QUETTA, Pakistan (AFP)— Gunmen assassinated a nationalist leader in Pakistan's insurgency-torn province of Baluchistan on Wednesday as he left his home on the outskirts of Quetta, police and relatives said.
Habib Jalib was secretary general of the opposition faction of Baluchistan National Party, which advocates greater autonomy for the southwestern province and campaigns peacefully for self-determination.
Relatives said Jalib, a lawyer and former MP, was going to drop his children at school when gunmen waiting for him outside sprayed bullets and fled on a motorbike.
"He expired on his way to hospital. The motorcycle riders managed to flee after the firing," Shah Nawaz, a senior police officer in the hospital, told AFP.
The shooting took place in the Sariab neighbourhood on the outskirts of Quetta, the capital of Baluchistan.
Police said the identities of the killers were not immediately clear, but that a manhunt had been launched.
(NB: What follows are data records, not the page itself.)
(* If every point of H has a label and no label is shared by two points,
   then labels embed H into S \ {1}, so |H| + 1 <= |S|. *)
Lemma card_bound_of_labels (S H : T -> Prop) m n :
  S e -> has_card S m -> has_card H n ->
  (forall h, H h -> exists s, pred_label S H h s) ->
  (forall h1 h2 s, H h1 -> H h2 -> pred_label S H h1 s -> pred_label S H h2 s -> h1 = h2) ->
  n + 1 <= m.
Proof.
  intros Se [lS [NS [ES <-]]] [lH [NH [EH <-]]] Hlab Huniq.
  set (lab := fun h => epsilon (inhabits e) (pred_label S H h)).
  assert (Hlab' : forall h, H h -> pred_label S H h (lab h))
    by (intros h Hh; apply (epsilon_spec (inhabits e)), Hlab, Hh).
  assert (Nlab : NoDup (e :: map lab lH)).
  { constructor.
    - intros Hin. apply in_map_iff in Hin as [h [Eh Ih]]. apply EH in Ih.
      destruct (Hlab' h Ih) as [h' [_ [D [_ Eq]]]].
      rewrite Eh, (grp_mul1r HG) in Eq. auto.
    - apply NoDup_map_NoDup_ForallPairs; auto.
      intros h1 h2 I1 I2 Eq. apply EH in I1; apply EH in I2.
      apply (Huniq h1 h2 (lab h2)); auto. rewrite <- Eq; auto. }
  assert (Hincl : length (e :: map lab lH) <= length lS).
  { apply NoDup_incl_length; auto. intros z [<-|Hz]; apply ES; auto.
    apply in_map_iff in Hz as [h [<- Ih]]. apply EH in Ih.
    destruct (Hlab' h Ih) as [? [_ [_ [? _]]]]; auto. }
  simpl in Hincl; rewrite length_map in Hincl. lia.
Qed.

End Cayley.

Lemma atom_exists T (mul : T -> T -> T) (S' A0 : T -> Prop) c0 :
  fragment mul S' 2 A0 -> has_card A0 c0 -> exists b, b <= c0 /\ alpha mul S' 2 b.
Proof.
  intros F C.
  set (Psize := fun c => exists Z, fragment mul S' 2 Z /\ has_card Z c).
  destruct (@dec_inh_nat_subset_has_unique_least_element Psize) as [b [[[A [FA CA]] Mb] _]].
  - intros c; apply classic.
  - exists c0, A0; auto.
  - exists b; split; [apply Mb; exists A0; auto|].
    exists A; repeat split; auto.
    intros Y nX nY FY CX CY. rewrite (has_card_unique CX CA). apply Mb; exists Y; auto.
Qed.

Section FiniteGroup.
Variables (T : Type) (mul : T -> T -> T) (inv : T -> T) (e : T).
Hypothesis HG : is_group mul inv e.
Variable UG : list T.
Hypothesis NUG : NoDup UG.
Hypothesis UGall : forall x, In x UG.
(* Let $\mathcal R$ be a left-linear TRS and $s,t,u$ terms. (1) If $t\leftarrow_{\mathcal R}s\to_{\mathcal R}u$ then there is a term $v$ with $t\,\nabla_s\,v$ and $v\,\nabla_s\,u$. (2) If $t\leftarrow_{\mathcal R}s\leftrightarrow_{\mathcal B}u$ then there is a term $v$ with $t\,\nabla_s\,v$ and $v\,\tilde\nabla_s\,u$.
   Context: Terms are built from a signature $\mathcal F$ and variables $\mathcal V$. A rule $\ell\to r$ is a pair of terms with $\ell\notin\mathcal V$ and $\mathrm{Var}(r)\subseteq\mathrm{Var}(\ell)$; a TRS is a set of rules, an ES a set of equations; a TRS is left-linear if no left-hand side contains a variable twice. For a set $\mathcal E$ of pairs of terms, $s\to_{\mathcal E}t$ iff $s|_p=\ell\sigma$ and $t=s[r\sigma]_p$ for some $(\ell,r)\in\mathcal E$, position $p$ and substitution $\sigma$; $\leftarrow_{\mathcal E}$ is its inverse and $\leftrightarrow_{\mathcal E}$ its symmetric closure. $\mathcal B$ is a fixed ES with $\mathrm{Var}(\ell)=\mathrm{Var}(r)$ for all $\ell\approx r\in\mathcal B$; $\sim_{\mathcal B}=\leftrightarrow^*_{\mathcal B}$ and $\mathcal B^\pm=\mathcal B\cup\{t\approx s\mid s\approx t\in\mathcal B\}$. For a TRS $\mathcal R$: $\downarrow_{\mathcal R}=\to^*_{\mathcal R}\cdot\leftarrow^*_{\mathcal R}$ and $s\downarrow^\sim_{\mathcal R}t$ iff $s\to^*_{\mathcal R}\cdot\sim_{\mathcal B}\cdot\leftarrow^*_{\mathcal R}t$. Critical pairs: for sets of oriented pairs $\mathcal R_1,\mathcal R_2$ (equations of $\mathcal B^\pm$ read as oriented pairs), an overlap is $\langle\ell_1\to r_1,p,\ell_2\to r_2\rangle$ with $\ell_i\to r_i$ variants of elements of $\mathcal R_i$ without common variables, $p$ a non-variable position of $\ell_2$, $\ell_1$ and $\ell_2|_p$ unifiable, and the two rules not variants of each other if $p=\epsilon$. With an mgu $\sigma$ this yields the critical peak $\ell_2\sigma[r_1\sigma]_p\leftarrow^p\ell_2\sigma\to^\epsilon r_2\sigma$ and critical pair $\ell_2\sigma[r_1\sigma]_p\approx r_2\sigma$. A critical peak $t\leftarrow^p s\to^\epsilon u$ is prime if all proper subterms of $s|_p$ are normal forms of $\to_{\mathcal R}$ (irreducibility is always checked w.r.t. $\mathcal R$, also for overlaps involving $\mathcal B^\pm$). $\mathrm{PCP}(\mathcal R)$ is the set of prime critical pairs from overlaps of $\mathcal R$ with itself; $\mathrm{PCP}^\pm(\mathcal R,\mathcal B^\pm)$ is the set of prime critical pairs from overlaps $\langle\rho_1,p,\rho_2\rangle$ with $\rho_1\in\mathcal R,\rho_2\in\mathcal B^\pm$ or $\rho_1\in\mathcal B^\pm,\rho_2\in\mathcal R$. Triangle notation: $t\,\nabla_s\,u$ iff $s\to^+_{\mathcal R}t$, $s\to^+_{\mathcal R}u$, and ($t\downarrow_{\mathcal R}u$ or $t\leftrightarrow_{\mathrm{PCP}(\mathcal R)}u$). $t\,\tilde\nabla_s\,u$ iff $s\to^+_{\mathcal R}t$, $s\sim_{\mathcal B}u$, and ($t\downarrow^\sim_{\mathcal R}u$ or $t\leftrightarrow_{\mathrm{PCP}^\pm(\mathcal R,\mathcal B^\pm)}u$). *)

From Stdlib Require Import List Relations.
Import ListNotations.
Set Implicit Arguments.
(* Let $n\ge1$, $0<\delta\le1/3$, $b=\delta n$ (a positive integer), $B=2^b$, $\eta>0$ with $B=\eta K$, and let $C\ge3$ be an integer with $Cb\le n$. Let $\mathcal{K}$ consist of $K$ indices chosen independently and uniformly at random from $\mathbb{F}_2^n$, and form the bipartite graph with left nodes $\mathcal{K}$, right nodes $\{(c,\mathbf{j}):c\in[C],\mathbf{j}\in\mathbb{F}_2^b\}$, and an edge between $\mathbf{k}$ and $(c,\mathcal{H}_c(\mathbf{k}))$ for each $c\in[C]$, where $\mathcal{H}_c(\mathbf{k})=(k[(c-1)b+1],\dots,k[cb])$. Then there is a sufficiently small constant $\varepsilon>0$ such that, with probability at least $1-O(1/K)$, this graph is an $(\varepsilon,1/2,C)$-expander.
   Context: A $C$-regular bipartite graph with $K$ left nodes and $C$ groups of $B=\eta K$ right nodes is an $(\varepsilon,1/2,C)$-expander if for every subset $\mathcal{S}$ of left nodes with $|\mathcal{S}|\le\varepsilon K$ there exists a group $c\in[C]$ such that the set $\mathcal{N}_c(\mathcal{S})$ of right nodes in group $c$ adjacent to $\mathcal{S}$ satisfies $|\mathcal{N}_c(\mathcal{S})|>|\mathcal{S}|/2$. Here $[C]=\{1,\dots,C\}$ and $\mathbf{k}=[k[1],\dots,k[n]]^T$. *)

From HB Require Import structures.
From mathcomp Require Import all_boot all_order all_algebra.
Set Implicit Arguments. Unset Strict Implicit. Unset Printing Implicit Defensive.
Import Order.TTheory GRing.Theory Num.Theory.
Local Open Scope ring_scope.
Violence has surged this year in Baluchistan, which borders both Afghanistan and Iran. Human rights activists have raised concerns about an increase in targeted killings in the province over the past 20 months.
Shops and markets shut down after Jalib's killing. Authorities also closed Baluchistan University for two days in a bid to minimise violent protests.
Hundreds of people have died since Baluch rebels rose up in 2004 demanding political autonomy and a greater share of profits from the region's wealth of natural oil, gas and mineral resources.
The province is also rife with Islamist militancy and sectarian violence.